La chambre sociale de la Cour de cassation élargit, après l’amiante, par trois arrêts rendus le 11 septembre 2019 au bénéfice de salariés mineurs de fond, la réparation du préjudice d’anxiété à toutes substances nocives ou toxiques générant un risque élevé de développer une pathologie grave.
Pour mémoire, le préjudice d’anxiété permet l’indemnisation de personnes qui ne sont pas malades, mais s’inquiètent de le devenir.
Tout salarié exposé à une substance nocive ou toxique peut désormais demander, du moins en principe, réparation à son employeur du fait des manquements de ce dernier à son obligation de sécurité.

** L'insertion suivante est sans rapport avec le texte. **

(* Let $\{(\mathbf{x}_i,\mathbf{v}_i)\}_{i=1}^N$ be a global smooth solution of the Cucker–Smale model with bonding force $$\dot{\mathbf{x}}_i=\mathbf{v}_i,\qquad \dot{\mathbf{v}}_i=\frac{\kappa_0}{N}\sum_{j=1}^N\psi(\|\mathbf{x}_j-\mathbf{x}_i\|)(\mathbf{v}_j-\mathbf{v}_i)+\frac{\kappa_1}{N}\sum_{j\ne i}\Big\langle\mathbf{v}_j-\mathbf{v}_i,\frac{\mathbf{x}_j-\mathbf{x}_i}{\|\mathbf{x}_j-\mathbf{x}_i\|}\Big\rangle\frac{\mathbf{x}_j-\mathbf{x}_i}{\|\mathbf{x}_j-\mathbf{x}_i\|}+\frac{\kappa_2}{N}\sum_{j\ne i}\big(\|\mathbf{x}_j-\mathbf{x}_i\|-d^\infty_{ij}\big)\frac{\mathbf{x}_j-\mathbf{x}_i}{\|\mathbf{x}_j-\mathbf{x}_i\|}.$$ Then for all $i,j\in[N]$, $$\sup_{t\ge0}\Big|\frac{d}{dt}\|\mathbf{v}_i(t)-\mathbf{v}_j(t)\|^2\Big|<\infty.$$ In particular, $t\mapsto\|\mathbf{v}_i(t)-\mathbf{v}_j(t)\|^2$ is uniformly continuous on $[0,\infty)$.
   Context: $N\ge2$, $d\ge1$, Euclidean norm and inner product on $\mathbb{R}^d$; $\kappa_0,\kappa_1,\kappa_2\ge0$; $[d^\infty_{ij}]$ real symmetric with zero diagonal. $E:=\frac12\sum_i\|\mathbf{v}_i\|^2+\frac{\kappa_2}{4N}\sum_{i,j}(\|\mathbf{x}_j-\mathbf{x}_i\|-d^\infty_{ij})^2$, $U:=\max_{i\ne j}d^\infty_{ij}+\sqrt{2NE(0)/\kappa_2}$. The weight $\psi:[0,\infty)\to[0,\infty)$ is locally Lipschitz with $0\le\psi(r)\le\psi_M$ for all $r\ge0$ and $\min_{r\in[0,U]}\psi(r)>0$. A global smooth solution is a $C^1$ solution on $[0,\infty)$ with $\mathbf{x}_i(t)\ne\mathbf{x}_j(t)$ for $i\ne j$. *)

From HB Require Import structures.
From mathcomp Require Import all_boot all_order all_algebra.
From mathcomp Require Import all_classical all_reals all_analysis.
Set Implicit Arguments. Unset Strict Implicit. Unset Printing Implicit Defensive.
Import Order.TTheory GRing.Theory Num.Theory.
Import numFieldNormedType.Exports.
Local Open Scope classical_set_scope.
Local Open Scope ring_scope.

Section CSDefs.
Variables (R : realType) (N d : nat).

Definition vdot (u w : 'I_d -> R) : R := \sum_(k < d) u k * w k.
Definition enorm (u : 'I_d -> R) : R := Num.sqrt (vdot u u).
Definition vdiff (u w : 'I_d -> R) : 'I_d -> R := fun k => u k - w k.

(* derivative of f at t relative to the domain [0, +oo)
   (one-sided at t = 0, two-sided for t > 0) *)
Definition has_deriv_nonneg (f : R -> R) (t l : R) : Prop :=
  (fun h => h^-1 * (f (t + h) - f t)) @ within (fun h => 0 <= t + h) (0 : R)^'
    --> l.

Definition cs_accel (kappa0 kappa1 kappa2 : R) (psi : R -> R)
  (dinf : 'I_N -> 'I_N -> R)
  (x v : 'I_N -> 'I_d -> R) (i : 'I_N) (k : 'I_d) : R :=
  let e j := fun l => vdiff (x j) (x i) l / enorm (vdiff (x j) (x i)) in
  kappa0 / N%:R * \sum_(j < N) psi (enorm (vdiff (x j) (x i))) * (v j k - v i k)
  + kappa1 / N%:R * \sum_(j < N | j != i)
        vdot (vdiff (v j) (v i)) (e j) * e j k
  + kappa2 / N%:R * \sum_(j < N | j != i)
        (enorm (vdiff (x j) (x i)) - dinf i j) * e j k.

Definition cs_global_solution (kappa0 kappa1 kappa2 : R) (psi : R -> R)
  (dinf : 'I_N -> 'I_N -> R)
  (x v : 'I_N -> R -> 'I_d -> R) : Prop :=
  (forall t, 0 <= t -> forall i k,
      has_deriv_nonneg (fun s => x i s k) t (v i t k) /\
      has_deriv_nonneg (fun s => v i s k) t
         (cs_accel kappa0 kappa1 kappa2 psi dinf (fun j => x j t) (fun j => v j t) i k))
  /\ (forall t, 0 <= t -> forall i j : 'I_N, i != j -> x i t != x j t).

Definition cs_energy (kappa2 : R) (dinf : 'I_N -> 'I_N -> R)
  (x v : 'I_N -> 'I_d -> R) : R :=
  2^-1 * \sum_(i < N) enorm (v i) ^+ 2
  + kappa2 / (4 * N%:R) * \sum_(i < N) \sum_(j < N)
        (enorm (vdiff (x j) (x i)) - dinf i j) ^+ 2.

(* "r <= U" where U = max_{i<>j} dinf i j + sqrt(2 N E0 / kappa2);
   written as: r is below dinf i j + sqrt(...) for some pair i <> j *)
Definition le_U (kappa2 E0 : R) (dinf : 'I_N -> 'I_N -> R) (r : R) : Prop :=
  exists i j : 'I_N, i != j /\
    r <= dinf i j + Num.sqrt (2 * N%:R * E0 / kappa2).

End CSDefs.

(* The energy E is nonincreasing along solutions: symmetrising the power
   sum_i <v_i, a_i> over pairs (i, j), the bond force cancels against the
   derivative of the bond energy and
     dE/dt = -1/(2N) sum_(i,j) (kappa0 psi(|x_j - x_i|) |v_j - v_i|^2
                                + kappa1 <v_j - v_i, e_ij>^2) <= 0.
   Hence the velocities and the bond forces kappa2 (|x_j - x_i| - d_ij) stay
   bounded in terms of E(0); with psi <= psi_M and |e_ij| <= 1 the
   accelerations are uniformly bounded, and so is
   d/dt |v_i - v_j|^2 = 2 <v_i - v_j, a_i - a_j>.  A bounded one-sided
   derivative on [0, oo) makes the function Lipschitz, hence uniformly
   continuous. *)

From HB Require Import structures.
From mathcomp Require Import all_boot all_order all_algebra.
From mathcomp Require Import all_classical all_reals all_analysis.
From mathcomp Require Import lra ring.
Import Order.TTheory GRing.Theory Num.Theory.
Import numFieldNormedType.Exports.
Local Open Scope classical_set_scope.
Local Open Scope ring_scope.

Set Implicit Arguments. Unset Strict Implicit.
Lemma geo_path_deriv c t :
  derivable_pt_lim (fun s => geo_path p q s c) t (geo_path p q t c * (ln (q c) - ln (p c))).
Proof.
  set (a := ln (p c)); set (b := ln (q c) - ln (p c)).
  assert (Haff : derivable_pt_lim (fun s => a + s * b) t b).
  { intros eps Heps; exists (mkposreal 1 Rlt_0_1); intros h Hh _.
    replace ((a + (t + h) * b - (a + t * b)) / h - b) with 0 by (field; auto).
    rewrite Rabs_R0; auto. }
  exact (derivable_pt_lim_comp _ exp t _ _ Haff (derivable_pt_lim_exp _)).
Qed.

Lemma Rpower_geo_path_le s c r : Vpp p -> Vpp q -> 0 <= s <= 1 ->
  Rpower (Rabs (geo_path p q s c)) r
    <= (1 - s) * Rpower (Rabs (p c)) r + s * Rpower (Rabs (q c)) r.
Proof.
  intros Hp Hq Hs; unfold geo_path, Rpower.
  rewrite (Rabs_right (exp _)), (Rabs_right (p c)), (Rabs_right (q c))
    by (left; (apply exp_pos || apply Hp || apply Hq)).
  rewrite ln_exp.
  replace (r * (ln (p c) + s * (ln (q c) - ln (p c))))
    with ((1 - s) * (r * ln (p c)) + s * (r * ln (q c))) by ring.
  apply exp_convex; auto.
Qed.
(* Let $q$ be a prime power and let $\{P_i\}$ be an infinite family of toric codes over $\mathbb{F}_q$, with $P_i\subseteq[0,q-2]^{n_i}$. If the sequence $\{M(P_i)\}$ is unbounded, then $\delta(P_i)\to0$ as $i\to\infty$.
   Context: For an integral convex polytope $P\subseteq[0,q-2]^n$: $\mathcal{L}_P=\mathrm{span}_{\mathbb{F}_q}\{x^p: p\in P\cap\mathbb{Z}^n\}$, $N(P)=\max_{0\neq f\in\mathcal{L}_P}|Z(f)|$ with $Z(f)$ the zero set of $f$ in $(\mathbb{F}_q^\times)^n$, $\delta(P)=\big((q-1)^n-N(P)\big)/(q-1)^n$, and $R(P)=|P\cap\mathbb{Z}^n|/(q-1)^n$. A sequence of nonempty integral convex polytopes $P_i\subseteq[0,q-2]^{n_i}$ is an infinite family of toric codes if $n_i\to\infty$ and $\delta(P_i)\to\delta$, $R(P_i)\to R$ for some $\delta,R\in[0,1]$. $M(P)$ denotes the largest integer $i\ge0$ such that there is a unimodular affine transformation $A$ (a map $x\mapsto Mx+\lambda$ with $M\in GL(n,\mathbb{Z})$, $\lambda\in\mathbb{Z}^n$) with $A([0,1]^i\times\{0\}^{n-i})\subseteq P$. *)

From HB Require Import structures.
From mathcomp Require Import all_boot all_order all_algebra.
From mathcomp Require Import boolp classical_sets reals topology normedtype sequences.
Set Implicit Arguments. Unset Strict Implicit. Unset Printing Implicit Defensive.
Import Order.TTheory GRing.Theory Num.Theory.
Import numFieldNormedType.Exports.
Local Open Scope classical_set_scope.
Local Open Scope ring_scope.

(* Integral convex polytopes in R^n, given as the convex hull of a finite
   list of integer points (its generating vertices). *)
Record ipolytope (n : nat) := IPolytope { verts : seq 'rV[int]_n }.

Section Toric.
Variable R : realType.

Definition conv_hull (n : nat) (V : seq 'rV[R]_n) (x : 'rV[R]_n) : Prop :=
  exists w : 'I_(size V) -> R,
    [/\ forall j, 0 <= w j, \sum_j w j = 1 & x = \sum_j w j *: V`_j].

Definition intvR (n : nat) (v : 'rV[int]_n) : 'rV[R]_n := map_mx (fun z : int => z%:~R) v.
Definition intmR (n : nat) (M : 'M[int]_n) : 'M[R]_n := map_mx (fun z : int => z%:~R) M.

Definition inP (n : nat) (P : ipolytope n) (x : 'rV[R]_n) : Prop :=
  conv_hull (map (@intvR n) (verts P)) x.

Definition in_box (q : nat) (n : nat) (P : ipolytope n) : Prop :=
  verts P != [::] /\
  forall v, v \in verts P -> forall j : 'I_n, (0 <= v ord0 j <= q%:Z - 2)%R.

(* M(P): A([0,1]^i x {0}^(n-i)) is contained in P for some unimodular
   affine map A x = x *m M + lam (row-vector convention), M in GL(n,Z). *)
Definition hasCube (n : nat) (P : ipolytope n) (i : nat) : Prop :=
  (i <= n)%N /\
  exists (M : 'M[int]_n) (lam : 'rV[int]_n),
    M \in unitmx /\
    forall x : 'rV[R]_n,
      (forall j, 0 <= x ord0 j <= 1) ->
      (forall j : 'I_n, (i <= j)%N -> x ord0 j = 0) ->
      inP P (x *m intmR M + intvR lam).

Definition Mdim (n : nat) (P : ipolytope n) : nat :=
  \max_(i < n.+1 | `[< hasCube P i >]) i.

Section Code.
Variable F : finFieldType.
Local Notation q := #|F|.

Definition expR (n : nat) (e : 'rV['I_q.-1]_n) : 'rV[R]_n :=
  map_mx (fun k : 'I_q.-1 => (k : nat)%:R) e.

(* P ∩ Z^n (all of it lies in [0,q-2]^n when P does) *)
Definition latpts (n : nat) (P : ipolytope n) : {set 'rV['I_q.-1]_n} :=
  [set e | `[< inP P (expR e) >]].

(* An element f = sum_p c_p x^p of L_P is given by its coefficient function c
   supported on P ∩ Z^n; f <> 0 iff c <> 0 (monomials are independent). *)
Definition inLP (n : nat) (P : ipolytope n) (c : {ffun 'rV['I_q.-1]_n -> F}) : bool :=
  [forall e, (e \notin latpts P) ==> (c e == 0)].

Definition evalc (n : nat) (P : ipolytope n) (c : {ffun 'rV['I_q.-1]_n -> F})
  (t : 'rV[F]_n) : F :=
  \sum_(e in latpts P) c e * \prod_(j < n) t ord0 j ^+ (e ord0 j : nat).

Definition Zcount (n : nat) (P : ipolytope n) (c : {ffun 'rV['I_q.-1]_n -> F}) : nat :=
  #|[set t : 'rV[F]_n | [forall j, t ord0 j != 0] & evalc P c t == 0]|.

Definition Nmax (n : nat) (P : ipolytope n) : nat :=
  \max_(c : {ffun 'rV['I_q.-1]_n -> F} | inLP P c && (c != 0)) Zcount P c.

Definition delta (n : nat) (P : ipolytope n) : R :=
  (((q.-1) ^ n)%:R - (Nmax P)%:R) / ((q.-1) ^ n)%:R.

Definition rate (n : nat) (P : ipolytope n) : R :=
  (#|latpts P|)%:R / ((q.-1) ^ n)%:R.

Definition toricFamily (n : nat -> nat) (P : forall i, ipolytope (n i)) : Prop :=
  [/\ forall i, in_box q (P i),
      forall K : nat, exists i0 : nat, forall i, (i0 <= i)%N -> (K <= n i)%N &
      exists d r : R, [/\ 0 <= d <= 1, 0 <= r <= 1,
        (fun i => delta (P i)) @ \oo --> d &
        (fun i => rate (P i)) @ \oo --> r]].

End Code.
End Toric.

(* If P contains the image of the unit k-cube under a unimodular affine map
   x |-> x M + lam, then L_P contains f = x^lam * \prod_(j < k) (x^(M_j) - 1),
   M_j the j-th row of M: its monomials are the images of the cube's vertices.
   The substitution u_j = x^(M_j) is a bijection of the torus because M is in
   GL(n, Z), and f(x) <> 0 forces u_j \notin {0, 1} for j < k; hence f has at
   most (q-2)^k (q-1)^(n-k) non-zeros on the torus and
   delta(P) <= ((q-2)/(q-1))^k.  If M(P_i) is unbounded this bound becomes
   arbitrarily small along the family, so the limit of delta(P_i) is 0. *)

From Pilot Require Import Defs.
From HB Require Import structures.
From mathcomp Require Import all_boot all_order all_algebra.
From mathcomp Require Import boolp classical_sets reals topology normedtype sequences.
From mathcomp Require Import zify lra.
Set Implicit Arguments. Unset Strict Implicit. Unset Printing Implicit Defensive.
Import Order.TTheory GRing.Theory Num.Theory.
Import numFieldNormedType.Exports.
Local Open Scope ring_scope.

Pour ce faire, la Cour de cassation vise les « règles de droit commun régissant l’obligation de sécurité de l’employeur » à savoir les articles L. 4121-1 et L. 4121-2 du Code du travail.
Selon la Cour de cassation, tout « salarié qui justifie d’une exposition à une substance nocive ou toxique générant un risque élevé de développer une pathologie grave et d’un préjudice d’anxiété personnellement subi résultant d’une telle exposition » peut prétendre à une indemnisation spécifique à ce titre.
La Cour d’Appel de Metz, censurée par la Haute juridiction, avait estimé que « la réparation du préjudice spécifique d’anxiété, défini par la situation d’inquiétude permanente face au risque de déclaration à tout moment d’une maladie liée à l’amiante, n’ [était] admise, pour les salariés exposés à l’amiante, qu’au profit de ceux remplissant les conditions prévues par l’article 41 de la loi du 23 décembre 1998 et l’arrêté ministériel pris en application ».
La Haute juridiction balaie un tel raisonnement au visa des règles de droit commun régissant l’obligation de sécurité de l’employeur laquelle (naturellement) bénéficie à l’ensemble des salariés.
Sur le fond, il convient de préciser que la Cour d’Appel de Metz avait relevé de façon quelque peu surabondante voire contradictoire que les attestations et les témoignages communiqués par les différents salariés faisant état de constats alarmants en termes de sécurité et de santé au travail ne pouvaient être reliés directement à la situation concrète de chaque demandeur en fonction des différents postes successivement occupés par eux.
Il convenait donc pour les juges du fond d’apprécier l’existence d’un préjudice personnel subi par chaque salarié pris individuellement et consécutif aux manquements de l’employeur, ce que l’on peut, il est vrai, légitimement concevoir sur le plan juridique, en particulier, dans le cadre d’une action en responsabilité de droit commun.
Il convient de noter enfin que la Cour d’Appel de Metz avait estimé aux termes des décisions censurées qu’il était démontré que l’employeur avait pris « toutes mesures nécessaires de protection, tant individuelle que collective, et également d’information » de sorte qu’aucun manquement ne pouvait lui être reproché, l’employeur, il est vrai, n’étant désormais plus astreint à une obligation de sécurité de résultat envers ses salariés (Soc. 1er juin 2016 n° 14-19.702).
Or, précisément, la Cour de cassation reproche aux juges du fond de ne pas avoir suffisamment établi que « l’employeur avait démontré qu’il avait effectivement mis en oeuvre les mesures nécessaires pour assurer la sécurité et protéger la santé physique et mentale des travailleurs, telles que prévues aux articles L. 4121-1 et L. 4121-2 du Code du travail ».
Il convient de rappeler en effet qu’il résulte des dispositions de l’article L. 4121-2 du Code du travail que l’employeur met en oeuvre les mesures nécessaires pour assurer la sécurité et protéger la santé physique et mentale des travailleurs sur le fondement des principes généraux de prévention tels que « l’évaluation des risques qui ne peuvent pas être évités », en les « combattant à la source » et « en adaptant le travail à l’homme » notamment.
C’est au l’aune des principes généraux de prévention que le Cour d’Appel de renvoi de Douai devra donc apprécier la réalité des manquements éventuels de l’employeur en termes de santé et de sécurité au travail et rechercher si les conditions de mise en oeuvre de la responsabilité de ce dernier sont réunies, s’agissant pour l’employeur d’une obligation de sécurité renforcée.